● WHAT IS NEEDED:
Return, exactly and in full, the lines of the records below starting at the one with "rewrite /concat_code /= (@word_cat" and ending at the one with "have [[|j s] hs] := hp (L + m.+1).", and no other lines.

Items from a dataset
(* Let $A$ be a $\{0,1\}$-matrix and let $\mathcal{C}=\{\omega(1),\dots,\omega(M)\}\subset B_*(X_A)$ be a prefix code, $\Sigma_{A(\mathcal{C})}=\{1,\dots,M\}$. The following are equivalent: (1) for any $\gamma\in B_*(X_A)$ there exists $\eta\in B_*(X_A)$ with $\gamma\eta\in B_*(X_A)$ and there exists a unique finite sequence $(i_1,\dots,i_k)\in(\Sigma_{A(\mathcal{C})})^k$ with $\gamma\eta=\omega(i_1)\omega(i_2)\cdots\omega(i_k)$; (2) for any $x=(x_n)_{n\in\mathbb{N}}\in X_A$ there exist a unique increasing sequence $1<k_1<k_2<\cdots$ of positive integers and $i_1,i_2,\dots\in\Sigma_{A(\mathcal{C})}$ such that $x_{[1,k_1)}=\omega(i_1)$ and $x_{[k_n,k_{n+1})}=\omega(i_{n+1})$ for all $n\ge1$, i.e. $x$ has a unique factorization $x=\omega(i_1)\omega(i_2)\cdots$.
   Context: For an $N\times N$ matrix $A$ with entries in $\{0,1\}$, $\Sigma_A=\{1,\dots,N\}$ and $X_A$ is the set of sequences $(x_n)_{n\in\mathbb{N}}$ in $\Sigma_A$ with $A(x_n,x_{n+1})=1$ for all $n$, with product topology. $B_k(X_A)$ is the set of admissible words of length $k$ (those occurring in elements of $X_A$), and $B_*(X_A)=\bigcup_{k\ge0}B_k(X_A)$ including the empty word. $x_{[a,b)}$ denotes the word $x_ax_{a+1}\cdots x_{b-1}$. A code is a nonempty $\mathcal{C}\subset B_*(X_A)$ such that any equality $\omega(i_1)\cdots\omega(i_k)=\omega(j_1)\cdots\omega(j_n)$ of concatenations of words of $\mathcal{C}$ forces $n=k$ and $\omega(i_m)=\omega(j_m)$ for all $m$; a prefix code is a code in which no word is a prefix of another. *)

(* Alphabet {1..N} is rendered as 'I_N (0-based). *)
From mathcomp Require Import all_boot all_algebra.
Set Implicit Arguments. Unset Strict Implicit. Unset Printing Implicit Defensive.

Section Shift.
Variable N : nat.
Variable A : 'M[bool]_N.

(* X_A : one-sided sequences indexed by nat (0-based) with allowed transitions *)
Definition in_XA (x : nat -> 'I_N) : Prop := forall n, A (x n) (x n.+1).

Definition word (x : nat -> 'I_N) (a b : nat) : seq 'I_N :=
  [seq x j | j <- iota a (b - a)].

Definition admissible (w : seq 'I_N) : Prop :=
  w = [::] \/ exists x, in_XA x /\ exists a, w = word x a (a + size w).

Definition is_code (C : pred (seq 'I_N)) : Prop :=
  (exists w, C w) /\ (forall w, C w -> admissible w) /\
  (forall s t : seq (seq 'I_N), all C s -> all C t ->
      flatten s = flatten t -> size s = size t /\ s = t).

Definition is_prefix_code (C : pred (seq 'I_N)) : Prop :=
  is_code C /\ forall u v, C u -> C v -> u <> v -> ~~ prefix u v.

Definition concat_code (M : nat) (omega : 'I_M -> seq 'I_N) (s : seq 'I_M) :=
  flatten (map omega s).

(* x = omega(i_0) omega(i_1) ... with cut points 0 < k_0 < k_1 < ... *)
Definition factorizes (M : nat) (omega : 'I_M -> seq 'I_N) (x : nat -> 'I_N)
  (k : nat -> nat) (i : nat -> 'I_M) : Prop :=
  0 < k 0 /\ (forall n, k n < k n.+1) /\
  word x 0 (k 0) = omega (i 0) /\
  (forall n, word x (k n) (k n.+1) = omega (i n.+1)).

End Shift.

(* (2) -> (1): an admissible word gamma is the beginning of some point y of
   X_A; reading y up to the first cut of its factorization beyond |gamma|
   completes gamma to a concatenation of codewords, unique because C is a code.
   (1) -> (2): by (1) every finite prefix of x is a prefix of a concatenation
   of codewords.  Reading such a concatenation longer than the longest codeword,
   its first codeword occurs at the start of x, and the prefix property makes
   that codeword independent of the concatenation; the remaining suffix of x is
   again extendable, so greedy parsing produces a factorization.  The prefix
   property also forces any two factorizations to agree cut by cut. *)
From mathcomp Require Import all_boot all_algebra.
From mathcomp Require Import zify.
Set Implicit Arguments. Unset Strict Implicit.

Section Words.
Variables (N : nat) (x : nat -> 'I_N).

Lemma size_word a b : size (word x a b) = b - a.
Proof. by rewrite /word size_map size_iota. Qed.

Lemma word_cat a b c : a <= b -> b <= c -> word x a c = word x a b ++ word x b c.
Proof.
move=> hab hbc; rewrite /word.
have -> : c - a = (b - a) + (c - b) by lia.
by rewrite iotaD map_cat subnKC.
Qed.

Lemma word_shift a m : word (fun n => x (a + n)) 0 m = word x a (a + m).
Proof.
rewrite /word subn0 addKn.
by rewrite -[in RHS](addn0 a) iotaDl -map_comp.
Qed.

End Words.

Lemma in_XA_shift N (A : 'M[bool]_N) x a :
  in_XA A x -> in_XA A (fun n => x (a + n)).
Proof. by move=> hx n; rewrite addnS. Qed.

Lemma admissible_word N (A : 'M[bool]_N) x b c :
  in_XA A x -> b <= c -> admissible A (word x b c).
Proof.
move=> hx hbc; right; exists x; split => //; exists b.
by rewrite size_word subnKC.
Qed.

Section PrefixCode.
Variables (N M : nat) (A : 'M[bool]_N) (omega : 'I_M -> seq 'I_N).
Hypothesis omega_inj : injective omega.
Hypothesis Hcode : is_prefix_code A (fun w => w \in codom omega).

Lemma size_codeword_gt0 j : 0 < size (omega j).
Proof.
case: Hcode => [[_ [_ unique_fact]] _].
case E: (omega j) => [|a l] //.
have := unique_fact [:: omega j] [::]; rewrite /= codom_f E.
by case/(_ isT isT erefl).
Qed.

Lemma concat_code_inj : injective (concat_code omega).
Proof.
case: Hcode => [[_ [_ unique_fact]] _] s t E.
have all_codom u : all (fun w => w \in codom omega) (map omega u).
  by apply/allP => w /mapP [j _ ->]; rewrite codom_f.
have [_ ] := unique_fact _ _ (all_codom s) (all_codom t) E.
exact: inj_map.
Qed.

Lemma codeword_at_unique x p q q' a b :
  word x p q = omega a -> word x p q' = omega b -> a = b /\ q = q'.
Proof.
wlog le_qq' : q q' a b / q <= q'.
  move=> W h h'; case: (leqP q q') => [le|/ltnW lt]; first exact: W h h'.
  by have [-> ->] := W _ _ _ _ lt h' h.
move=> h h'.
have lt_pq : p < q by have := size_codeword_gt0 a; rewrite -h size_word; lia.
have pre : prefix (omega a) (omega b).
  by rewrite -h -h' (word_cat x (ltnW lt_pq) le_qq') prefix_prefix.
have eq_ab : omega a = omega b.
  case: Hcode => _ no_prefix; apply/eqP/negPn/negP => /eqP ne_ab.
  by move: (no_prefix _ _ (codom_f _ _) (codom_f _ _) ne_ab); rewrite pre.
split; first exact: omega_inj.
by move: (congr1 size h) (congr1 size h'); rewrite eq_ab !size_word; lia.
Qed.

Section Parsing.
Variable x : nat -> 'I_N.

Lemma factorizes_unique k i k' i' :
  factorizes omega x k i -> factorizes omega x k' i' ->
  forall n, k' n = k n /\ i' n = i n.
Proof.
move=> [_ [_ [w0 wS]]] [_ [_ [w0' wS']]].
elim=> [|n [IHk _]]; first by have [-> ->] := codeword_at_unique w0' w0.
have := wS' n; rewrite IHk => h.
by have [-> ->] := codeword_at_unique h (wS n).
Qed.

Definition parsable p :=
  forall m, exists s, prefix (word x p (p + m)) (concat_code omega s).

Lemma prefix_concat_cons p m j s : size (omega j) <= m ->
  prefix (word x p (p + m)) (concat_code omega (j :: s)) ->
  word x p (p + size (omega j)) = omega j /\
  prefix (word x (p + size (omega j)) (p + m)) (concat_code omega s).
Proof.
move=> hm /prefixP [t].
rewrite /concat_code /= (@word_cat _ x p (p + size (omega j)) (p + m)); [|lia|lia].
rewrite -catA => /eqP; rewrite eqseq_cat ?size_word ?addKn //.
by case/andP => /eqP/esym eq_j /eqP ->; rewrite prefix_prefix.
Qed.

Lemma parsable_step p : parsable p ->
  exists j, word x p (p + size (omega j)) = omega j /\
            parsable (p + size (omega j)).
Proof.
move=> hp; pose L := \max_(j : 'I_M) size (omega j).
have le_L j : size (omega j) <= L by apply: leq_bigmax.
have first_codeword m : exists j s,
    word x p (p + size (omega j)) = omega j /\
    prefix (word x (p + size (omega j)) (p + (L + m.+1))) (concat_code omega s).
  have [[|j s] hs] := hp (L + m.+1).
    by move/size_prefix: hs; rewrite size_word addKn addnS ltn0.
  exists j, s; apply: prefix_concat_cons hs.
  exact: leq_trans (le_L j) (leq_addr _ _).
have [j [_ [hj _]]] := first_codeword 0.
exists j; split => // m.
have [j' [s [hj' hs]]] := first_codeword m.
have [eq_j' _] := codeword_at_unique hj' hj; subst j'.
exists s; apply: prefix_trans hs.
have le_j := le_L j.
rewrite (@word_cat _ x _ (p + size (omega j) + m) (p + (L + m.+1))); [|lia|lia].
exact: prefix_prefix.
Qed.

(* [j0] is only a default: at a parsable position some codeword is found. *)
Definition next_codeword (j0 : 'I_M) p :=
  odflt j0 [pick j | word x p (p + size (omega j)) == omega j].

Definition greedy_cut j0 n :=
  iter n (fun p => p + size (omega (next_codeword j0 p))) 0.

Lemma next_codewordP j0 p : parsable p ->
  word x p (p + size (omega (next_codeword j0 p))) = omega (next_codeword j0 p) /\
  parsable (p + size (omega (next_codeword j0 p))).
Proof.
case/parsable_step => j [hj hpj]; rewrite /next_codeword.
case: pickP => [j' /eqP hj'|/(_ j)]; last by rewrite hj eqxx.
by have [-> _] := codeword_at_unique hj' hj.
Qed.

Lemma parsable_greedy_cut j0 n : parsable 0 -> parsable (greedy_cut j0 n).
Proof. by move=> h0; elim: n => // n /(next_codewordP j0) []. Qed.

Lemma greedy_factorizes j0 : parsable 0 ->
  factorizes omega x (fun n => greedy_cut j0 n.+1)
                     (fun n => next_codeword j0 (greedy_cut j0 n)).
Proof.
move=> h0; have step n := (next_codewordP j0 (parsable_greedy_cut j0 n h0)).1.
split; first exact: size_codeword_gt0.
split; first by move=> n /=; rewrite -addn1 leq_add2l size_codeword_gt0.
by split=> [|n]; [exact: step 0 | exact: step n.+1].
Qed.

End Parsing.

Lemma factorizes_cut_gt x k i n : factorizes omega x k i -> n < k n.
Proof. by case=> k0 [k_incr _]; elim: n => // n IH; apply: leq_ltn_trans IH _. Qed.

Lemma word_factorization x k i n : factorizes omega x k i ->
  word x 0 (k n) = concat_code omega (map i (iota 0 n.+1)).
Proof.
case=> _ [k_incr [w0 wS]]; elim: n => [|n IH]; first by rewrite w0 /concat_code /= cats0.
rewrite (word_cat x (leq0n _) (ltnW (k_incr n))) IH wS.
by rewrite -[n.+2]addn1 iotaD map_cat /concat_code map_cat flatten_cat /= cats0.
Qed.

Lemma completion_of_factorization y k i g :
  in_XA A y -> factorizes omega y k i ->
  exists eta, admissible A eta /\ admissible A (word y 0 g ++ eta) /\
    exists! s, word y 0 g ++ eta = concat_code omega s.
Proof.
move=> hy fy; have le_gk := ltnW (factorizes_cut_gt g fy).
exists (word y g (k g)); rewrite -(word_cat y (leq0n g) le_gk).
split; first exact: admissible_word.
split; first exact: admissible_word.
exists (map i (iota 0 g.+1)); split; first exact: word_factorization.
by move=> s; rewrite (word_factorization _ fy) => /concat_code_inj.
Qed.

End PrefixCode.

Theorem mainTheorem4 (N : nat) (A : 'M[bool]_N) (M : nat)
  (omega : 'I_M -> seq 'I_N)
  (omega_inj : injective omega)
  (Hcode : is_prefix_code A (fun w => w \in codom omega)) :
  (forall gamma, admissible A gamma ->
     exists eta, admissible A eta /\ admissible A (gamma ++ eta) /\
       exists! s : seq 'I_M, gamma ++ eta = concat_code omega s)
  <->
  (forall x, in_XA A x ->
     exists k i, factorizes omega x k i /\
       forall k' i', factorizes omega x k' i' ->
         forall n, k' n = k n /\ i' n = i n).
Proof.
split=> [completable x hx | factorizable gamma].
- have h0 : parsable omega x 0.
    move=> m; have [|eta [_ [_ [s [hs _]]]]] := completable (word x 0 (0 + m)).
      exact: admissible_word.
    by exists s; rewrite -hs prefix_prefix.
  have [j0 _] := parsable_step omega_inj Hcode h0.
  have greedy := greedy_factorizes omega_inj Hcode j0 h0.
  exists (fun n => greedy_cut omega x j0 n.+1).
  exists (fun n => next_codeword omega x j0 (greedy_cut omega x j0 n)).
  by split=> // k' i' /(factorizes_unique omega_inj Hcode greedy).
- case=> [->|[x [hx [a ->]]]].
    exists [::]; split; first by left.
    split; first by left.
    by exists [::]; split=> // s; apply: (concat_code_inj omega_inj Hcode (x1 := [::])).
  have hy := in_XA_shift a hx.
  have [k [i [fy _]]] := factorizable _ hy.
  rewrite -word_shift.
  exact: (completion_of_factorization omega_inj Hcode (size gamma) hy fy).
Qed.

● OUTPUT FOR THIS TASK:
rewrite /concat_code /= (@word_cat _ x p (p + size (omega j)) (p + m)); [|lia|lia].
rewrite -catA => /eqP; rewrite eqseq_cat ?size_word ?addKn //.
by case/andP => /eqP/esym eq_j /eqP ->; rewrite prefix_prefix.
Qed.

Lemma parsable_step p : parsable p ->
  exists j, word x p (p + size (omega j)) = omega j /\
            parsable (p + size (omega j)).
Proof.
move=> hp; pose L := \max_(j : 'I_M) size (omega j).
have le_L j : size (omega j) <= L by apply: leq_bigmax.
have first_codeword m : exists j s,
    word x p (p + size (omega j)) = omega j /\
    prefix (word x (p + size (omega j)) (p + (L + m.+1))) (concat_code omega s).
  have [[|j s] hs] := hp (L + m.+1).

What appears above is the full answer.